Test Anomaly Modules Using Matrix Profile¶
Both New York taxi data and steam generator data are used
Demonstrate a couple of functions of matrix profile:
normal: calculate matrix profile of each time series
approx: compute an approximate matrix profile
incremental: compute incremental matrix profile for streaming time series data
kdp: identify the best K out of N time series that have detected anomalies at the same time slot using k-dimensional profile
Anomaly types and matrix profile can convert different types fo anomalies into outliers¶

Set up paths and load matrix profile module¶
[1]:
import numpy as np
import pandas as pd
import os
import sys
import warnings
warnings.filterwarnings("ignore")
# set up DACKAR path
cwd = os.getcwd()
frameworkDir = os.path.abspath(os.path.join(cwd, os.pardir, 'src'))
sys.path.append(frameworkDir)
# set up data path
data_path = os.path.abspath(os.path.join(cwd, os.pardir, 'data'))
# Load MatrixProfile module for anomaly detection
from dackar.anomalies.MatrixProfile import MatrixProfile
Calculate the matrix profiles for NY taxi data¶
Anomalies occur during Columbus day, Daylight savings and Thanksgiving


Link: https://stumpy.readthedocs.io/en/latest/Tutorial_STUMPY_Basics.html
Load NY taxi data
[2]:
# Load taxi data
taxi_data_file = os.path.abspath(os.path.join(data_path, 'nyc_taxi_passengers.csv'))
taxi_df = pd.read_csv(taxi_data_file, index_col='timestamp')
taxi_df['value'] = taxi_df['value'].astype(np.float64)
taxi_df.index = pd.to_datetime(taxi_df.index, errors='ignore')
taxi_df.head()
[2]:
value | |
---|---|
timestamp | |
2014-10-01 00:00:00 | 12751.0 |
2014-10-01 00:30:00 | 8767.0 |
2014-10-01 01:00:00 | 7005.0 |
2014-10-01 01:30:00 | 5257.0 |
2014-10-01 02:00:00 | 4189.0 |
Compute the Matrix Profile for NY taxi data
[3]:
# set up sliding window side to 48 hours
m = 48
mpObj = MatrixProfile(m, normalize='robust', method='normal')
mpObj.fit(taxi_df)
fig = mpObj.plot()
OMP: Info #276: omp_set_nested routine deprecated, please use omp_set_max_active_levels instead.
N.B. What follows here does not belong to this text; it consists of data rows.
(* Let $A$ (in $\mathcal H$) and $B$ (in $\mathcal K$) be densely defined operators and suppose $A\dashv B$ with (possibly unbounded) intertwining operator $T$. If the resolvent set $\rho(A)$ is nonempty, then $T$ is bounded (and everywhere defined).
   Context: A closed densely defined operator $T:D(T)\subseteq\mathcal H\to\mathcal K$ is an intertwining operator for $A$ and $B$ if (io0) $D(A)\subseteq D(T)$ and $A\xi\in D(T)$ for all $\xi\in D(A)$ (i.e. $D(TA)=D(A)$); (io1) $TD(A)\subseteq D(B)$; (io2) $BT\xi=TA\xi$ for all $\xi\in D(A)$. $A\dashv B$ (quasi-similarity) means there is such an intertwining operator $T$ which is injective with densely defined inverse $T^{-1}$. $\rho(A)$ is the set of $\lambda\in\mathbb C$ such that $A-\lambda I$ is injective with bounded everywhere defined inverse. *)

From Stdlib Require Import Reals.
Open Scope R_scope.

Record Cplx := mkC { re : R ; im : R }.
Definition C0 : Cplx := mkC 0 0.
Definition C1 : Cplx := mkC 1 0.
Definition Cadd (a b : Cplx) : Cplx := mkC (re a + re b) (im a + im b).
Definition Cmul (a b : Cplx) : Cplx :=
  mkC (re a * re b - im a * im b) (re a * im b + im a * re b).
Definition Cconj (a : Cplx) : Cplx := mkC (re a) (- im a).

Record HilbertSpace := {
  hcar :> Type;
  vzero : hcar;
  vadd : hcar -> hcar -> hcar;
  vopp : hcar -> hcar;
  vscal : Cplx -> hcar -> hcar;
  inner : hcar -> hcar -> Cplx;
  vaddA : forall x y z, vadd x (vadd y z) = vadd (vadd x y) z;
  vaddC : forall x y, vadd x y = vadd y x;
  vadd0 : forall x, vadd x vzero = x;
  vaddN : forall x, vadd x (vopp x) = vzero;
  vscalA : forall a b x, vscal a (vscal b x) = vscal (Cmul a b) x;
  vscal1 : forall x, vscal C1 x = x;
  vscalDv : forall a x y, vscal a (vadd x y) = vadd (vscal a x) (vscal a y);
  vscalDs : forall a b x, vscal (Cadd a b) x = vadd (vscal a x) (vscal b x);
  (* inner product axioms (linear in the first argument) *)
  innerDl : forall x y z, inner (vadd x y) z = Cadd (inner x z) (inner y z);
  innerZl : forall a x y, inner (vscal a x) y = Cmul a (inner x y);
  innerC : forall x y, inner y x = Cconj (inner x y);
  inner_ge0 : forall x, 0 <= re (inner x x);
  inner_eq0 : forall x, inner x x = C0 -> x = vzero;
  hcomplete : forall u : nat -> hcar,
    (forall eps, 0 < eps -> exists N, forall n m, (n >= N)%nat -> (m >= N)%nat ->
        sqrt (re (inner (vadd (u n) (vopp (u m))) (vadd (u n) (vopp (u m))))) < eps) ->
    exists l, forall eps, 0 < eps -> exists N, forall n, (n >= N)%nat ->
        sqrt (re (inner (vadd (u n) (vopp l)) (vadd (u n) (vopp l)))) < eps
}.

Arguments vzero {h}.
Arguments vadd {h}.
Arguments vopp {h}.
Arguments vscal {h}.
Arguments inner {h}.

Definition vsub {H : HilbertSpace} (x y : H) : H := vadd x (vopp y).
Definition hnorm {H : HilbertSpace} (x : H) : R := sqrt (re (inner x x)).

Definition converges_to {H : HilbertSpace} (u : nat -> H) (l : H) : Prop :=
  forall eps, 0 < eps -> exists N, forall n, (n >= N)%nat -> hnorm (vsub (u n) l) < eps.

Definition dense {H : HilbertSpace} (S : H -> Prop) : Prop :=
  forall x eps, 0 < eps -> exists y, S y /\ hnorm (vsub x y) < eps.
Lemma Gamma_eigenvalue_of_root (R : fieldType) (n tau : nat) (a : R) : (tau + 5 <= n)%N ->
  a + 1 != 0 -> a ^+ 2 - a - 1 != 0 -> quintic n%:R (tau * (n - 5 - tau))%:R a = 0 ->
  eigenvalue (Gamma n tau) a.
Proof.
move=> n_ge a1_neq0 golden_neq0; have [-> ->] := natr_Gamma_sizes R n_ge.
set t : R := tau%:R; set m : R := (n - 4 - tau)%:R => quintic0.
(* (p, r) spans the kernel of [kernel_eq1] in [quotient_kernel_trivial], and
   [kernel_eq2] then reduces to [quintic0]; the entries are scaled by a + 1 so
   that those on Y need no division. *)
pose p := (t + 1) * a ^+ 2 - a - 1; pose r := (a + 1) * (a ^+ 2 - a - 1).
pose q := (t + 1) * r - a * p.
have by_quintic x y : x - y = - quintic (t + m + 4) (t * (m - 1)) a -> x = y.
  by move/eqP; rewrite quintic0 oppr0 subr_eq0 => /eqP.
apply/eigenvalueP; exists (class_row n tau ((a + 1) * p) ((a + 1) * q)
  ((a + 1) * (p + a * q)) ((a + 1) * r) ((a + 1) * r) ((a + 1) * r + a * q)); last first.
  have lt3 : (3 < n)%N by lia.
  apply/eqP => /rowP /(_ (Ordinal lt3)); rewrite !mxE /= => /eqP.
  by rewrite !mulf_eq0 (negbTE a1_neq0) (negbTE golden_neq0).
rewrite mulmx_Gamma_class_row // scale_class_row -/t -/m.
congr class_row; try by rewrite /q /p /r; ring.
all: apply: by_quintic; rewrite /q /p /r /quintic /cubic; ring.
Qed.

Lemma Gamma_eigenvalue_le {R : realFieldType} {n tau : nat} {l a : R} :
  (6 <= n)%N -> (tau <= n - 5)%N -> n%:R - 4 < l -> cubic n%:R l = 0 ->
  eigenvalue (Gamma n tau) a -> a <= l /\ ((tau * (n - 5 - tau) != 0)%N -> a < l).
Proof.
move=> n_ge6 tau_le l_gt cubic_l.
have N_ge6 : (6 : R) <= n%:R by rewrite (ler_nat R 6 n).
move=> /(Gamma_eigenvalue_root _) [|->|quintic_a0]; first lia.
  by split=> [|_]; lra.
have k_ge0 : (0 : R) <= (tau * (n - 5 - tau))%:R by rewrite ler0n.
have quintic_gt0_above := quintic_gt0 N_ge6 l_gt cubic_l k_ge0.
split=> [|k_neq0].
  rewrite leNgt; apply/negP => l_a.
  by move: (quintic_gt0_above _ (ltW l_a) (or_intror l_a)); rewrite quintic_a0 ltxx.
have k_gt0 : (0 : R) < (tau * (n - 5 - tau))%:R by rewrite ltr0n lt0n.
rewrite ltNge; apply/negP => l_a.
by move: (quintic_gt0_above _ l_a (or_introl k_gt0)); rewrite quintic_a0 ltxx.
Qed.

Lemma Gamma_eigenvalue_cubic_root {R : realFieldType} {n tau : nat} {l : R} :
  (6 <= n)%N -> (tau <= n - 5)%N -> (tau * (n - 5 - tau) = 0)%N ->
  n%:R - 4 < l -> cubic n%:R l = 0 -> eigenvalue (Gamma n tau) l.
Proof.
move=> n_ge6 tau_le k0 l_gt cubic_l.
have N_ge6 : (6 : R) <= n%:R by rewrite (ler_nat R 6 n).
apply: Gamma_eigenvalue_of_root; first lia.
- by rewrite gt_eqF //; lra.
- by rewrite gt_eqF //; nra.
- by rewrite /quintic cubic_l k0 !mul0r mulr0 addr0.
Qed.

Theorem lemma2p2 (R : realType) (n tau : nat) :
  (6 <= n)%N -> (tau <= n - 5)%N ->
  (* (i) *)
  (lambda1 (Gamma (R := R) n tau) <= lambda1 (Gamma (R := R) n 0)
   /\ lambda1 (Gamma (R := R) n 0) = lambda1 (Gamma (R := R) n (n - 5))
   /\ (lambda1 (Gamma (R := R) n tau) = lambda1 (Gamma (R := R) n 0)
       <-> (tau = 0%N \/ tau = (n - 5)%N)))
  /\
  (* (ii) *)
  ((n%:R - 4 < lambda1 (Gamma (R := R) n 0))
   /\ is_largest_root
        ('X^3 - (n%:R - 6) *: 'X^2 - (3 * (n%:R - 4)) *: 'X
         - (n%:R - 3)%:P)
        (lambda1 (Gamma (R := R) n 0))).
Proof.
move=> n_ge6 tau_le; have [l l_gt cubic_l] := cubic_root_gt R n_ge6.
have N_ge6 : (6 : R) <= n%:R by rewrite (ler_nat R 6 n).
have lambda1_boundary t : (t <= n - 5)%N -> (t * (n - 5 - t) = 0)%N ->
    lambda1 (Gamma (R := R) n t) = l.
  move=> t_le t_extreme; apply: lambda1_max; first exact: Gamma_eigenvalue_cubic_root.
  by move=> a /(Gamma_eigenvalue_le n_ge6 t_le l_gt cubic_l)[].
have lambda1_interior : (tau * (n - 5 - tau) != 0)%N -> lambda1 (Gamma (R := R) n tau) < l.
  move=> tau_interior; apply: lambda1_lt; first lra.
  by move=> a /(Gamma_eigenvalue_le n_ge6 tau_le l_gt cubic_l)[_]; apply.
have extremeE : (tau * (n - 5 - tau) == 0)%N = (tau == 0%N) || (tau == n - 5)%N.
  by rewrite muln_eq0 subn_eq0; apply/orP/orP; case; lia.
have lambda1_0 := lambda1_boundary 0%N (leq0n _) (mul0n _).
have lambda1_5 : lambda1 (Gamma (R := R) n (n - 5)) = l.
  by apply: lambda1_boundary; rewrite ?subnn ?muln0.
rewrite lambda1_0 lambda1_5; split.
  have [/eqP|tau_interior] := eqVneq (tau * (n - 5 - tau))%N 0%N.
    rewrite extremeE => /orP[] /eqP->; rewrite ?lambda1_0 ?lambda1_5.
    - by split=> //; split=> //; split=> // _; left.
    - by split=> //; split=> //; split=> // _; right.
  have lt_l := lambda1_interior tau_interior.
  move: tau_interior; rewrite extremeE negb_or => /andP[/eqP tau_neq0 /eqP tau_neq5].
  by split; [exact: ltW | split=> //; split=> [E|[]//]; move: lt_l; rewrite E ltxx].
split=> //; split=> [|r]; rewrite /root horner_cubic ?cubic_l // => /eqP cubic_r.
rewrite leNgt; apply/negP => l_r.
by move: (cubic_increasing N_ge6 (ltW l_gt) l_r); rewrite cubic_l cubic_r ltxx.
Qed.
(* Let $N\ge1$ be an integer and $x\in\mathbb{S}$. Then $\epsilon(N)-\epsilon(N+1)>0$, $\epsilon(N)-2\epsilon(N+1)+\epsilon(N+2)>0$, $\epsilon(N,x)-\epsilon(N+1,x)>0$ and $\epsilon(N,x)-2\epsilon(N+1,x)+\epsilon(N+2,x)>0$.
   Context: Let $\pi,q$ be probability densities with respect to a $\sigma$-finite measure $\mu$ on $\mathbb{X}$ with $q>0$ wherever $\pi>0$; $\pi(dx)=\pi(x)\mu(dx)$, $q(dx)=q(x)\mu(dx)$, $\mathbb{S}=\{\pi>0\}$, $w=\pi/q$ on $\mathbb{S}$ and $0$ elsewhere. For integer $N\ge1$ and $z_1\in\mathbb{S}$, $\epsilon(N,z_1)=\int_{\mathbb{X}^{N-1}}\frac{w(z_1)}{\sum_{i=1}^Nw(z_i)}\prod_{n=2}^Nq(dz_n)$ (so $\epsilon(1,z_1)=1$) and $\epsilon(N)=\int_{\mathbb{S}}\epsilon(N,z)\pi(dz)$. *)

From HB Require Import structures.
From mathcomp Require Import all_boot all_order all_algebra.
From mathcomp Require Import all_classical all_reals all_analysis.
Set Implicit Arguments. Unset Strict Implicit. Unset Printing Implicit Defensive.
Import Order.TTheory GRing.Theory Num.Theory.
Local Open Scope classical_set_scope.
Local Open Scope ring_scope.

Section Defs.
Context (d : measure_display) (X : measurableType d) (R : realType)
  (mu : {measure set X -> \bar R}) (pi q : X -> R).

Definition supp : set X := [set x | 0 < pi x].

Definition weight (x : X) : R := if (0 < pi x)%R then pi x / q x else 0.

(* iter_q k g s = int_{X^k} g (s + w z_1 + ... + w z_k) prod q(dz_i),
   written as an iterated integral (Tonelli, nonnegative integrand) *)
Fixpoint iter_q (k : nat) (g : R -> \bar R) (s : R) : \bar R :=
  match k with
  | 0 => g s
  | k'.+1 => (\int[mu]_z ((q z)%:E * iter_q k' g (s + weight z)))%E
  end.

(* eps(N, z1) = int_{X^{N-1}} w(z1) / (sum_{i=1}^N w(z_i)) prod_{n=2}^N q(dz_n) *)
Definition eps_pt (N : nat) (z1 : X) : \bar R :=
  iter_q N.-1 (fun s => (weight z1 / s)%:E) (weight z1).

Definition eps (N : nat) : \bar R :=
  (\int[mu]_(z in supp) ((pi z)%:E * eps_pt N z))%E.

End Defs.

From HB Require Import structures.
From mathcomp Require Import all_boot all_order all_algebra.
From mathcomp Require Import all_classical all_reals all_analysis.
From mathcomp Require Import measurable_realfun ring lra.
Import Order.TTheory GRing.Theory Num.Theory.
Set Implicit Arguments.
Unset Strict Implicit.
Unset Printing Implicit Defensive.
Local Open Scope classical_set_scope.
Local Open Scope ring_scope.

(* Let P h s := int q(z) h(s + w z) dz ([shift_avg]), so that iter_q k h = P^k h, and let
   r t := 1/t ([recip]). Then eps(N+1, x) = w(x) (P^N r)(w(x)) and
   eps(N+1) = int_S pi(z) w(z) (P^N r)(w(z)) dz: both are images of P^N r under positive linear
   maps. If h is strictly decreasing, then h - P h ([avg_drop h]) equals
   int q(z) (h s - h(s + w z)) dz > 0, because q > 0 and w > 0 on the support of pi, a set of
   positive measure. As r is strictly convex, its increments decrease and r - P r is again
   strictly decreasing. Hence the first difference P^N r - P^(N+1) r = P^N (r - P r) and the
   second difference P^N ((r - P r) - P (r - P r)) are positive, and so are their images. *)

Lemma invrB_shift_lt (R : realFieldType) (s t e : R) : 0 < s -> s < t -> 0 < e ->
  t^-1 - (t + e)^-1 < s^-1 - (s + e)^-1.
Proof.
move=> s0 st e0; have t0 := lt_trans s0 st.
have invrB_shift u : 0 < u -> u^-1 - (u + e)^-1 = e / (u * (u + e)).
  by move=> u0; field; rewrite !gt_eqF ?addr_gt0.
rewrite !invrB_shift // ltr_pM2l // ltf_pV2 ?posrE ?mulr_gt0 ?addr_gt0 //.
nra.
Qed.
Calculate matrix profile for steam generator data¶
Load data
[4]:
steam_gen_data_file = os.path.abspath(os.path.join(data_path, 'Steamgen.csv'))
steam_df = pd.read_csv(steam_gen_data_file)
steam_df.head()
[4]:
drum pressure | excess oxygen | water level | steam flow | |
---|---|---|---|---|
0 | 320.08239 | 2.506774 | 0.032701 | 9.302970 |
1 | 321.71099 | 2.545908 | 0.284799 | 9.662621 |
2 | 320.91331 | 2.360562 | 0.203652 | 10.990955 |
3 | 325.00252 | 0.027054 | 0.326187 | 12.430107 |
4 | 326.65276 | 0.285649 | 0.753776 | 13.681666 |
Compute matrix profile for steam generator data
[5]:
m = 48
mpObj = MatrixProfile(m, normalize='robust', method='normal')
mpObj.fit(steam_df)
fig = mpObj.plot()

Testing ‘approx’ method to compute matrix profile¶
[6]:
m = 48
mpObj = MatrixProfile(m, normalize='robust', method='approx')
mpObj.fit(steam_df)
fig = mpObj.plot()

Enable Streaming, use ‘evaluate’ function for streaming data¶
Compute matrix profile for first 1000 data points
[7]:
m = 48
mpObj = MatrixProfile(m, normalize='robust', method='incremental')
mpObj.fit(taxi_df.iloc[0:1000])
fig = mpObj.plot()

Evaluate more data points to demonstrate data streaming
[8]:
mpObj.evaluate(taxi_df.iloc[1000:])
fig = mpObj.plot()

Test different data structure¶
Data structure: numpy.ndarray
[9]:
m = 48
mpObj = MatrixProfile(m, normalize='robust', method='normal')
mpObj.fit(steam_df.to_numpy())
fig = mpObj.plot()

Data structure: 1-D array data
[10]:
m = 48
mpObj = MatrixProfile(m, normalize='robust', method='normal')
mpObj.fit(steam_df.to_numpy()[:,0])
fig = mpObj.plot()

Data structure: pandas.Series data
[11]:
m = 48
mpObj = MatrixProfile(m, normalize='robust', method='normal')
mpObj.fit(steam_df['drum pressure'])
fig = mpObj.plot()

Test Multi-Dimensional Anomaly Detection: Identify Best K out of N Anomalies¶
[12]:
m = 48
mpObj = MatrixProfile(m, normalize='robust', method='normal', kdp=True)
mpObj.fit(steam_df)
fig = mpObj.plot_kdp()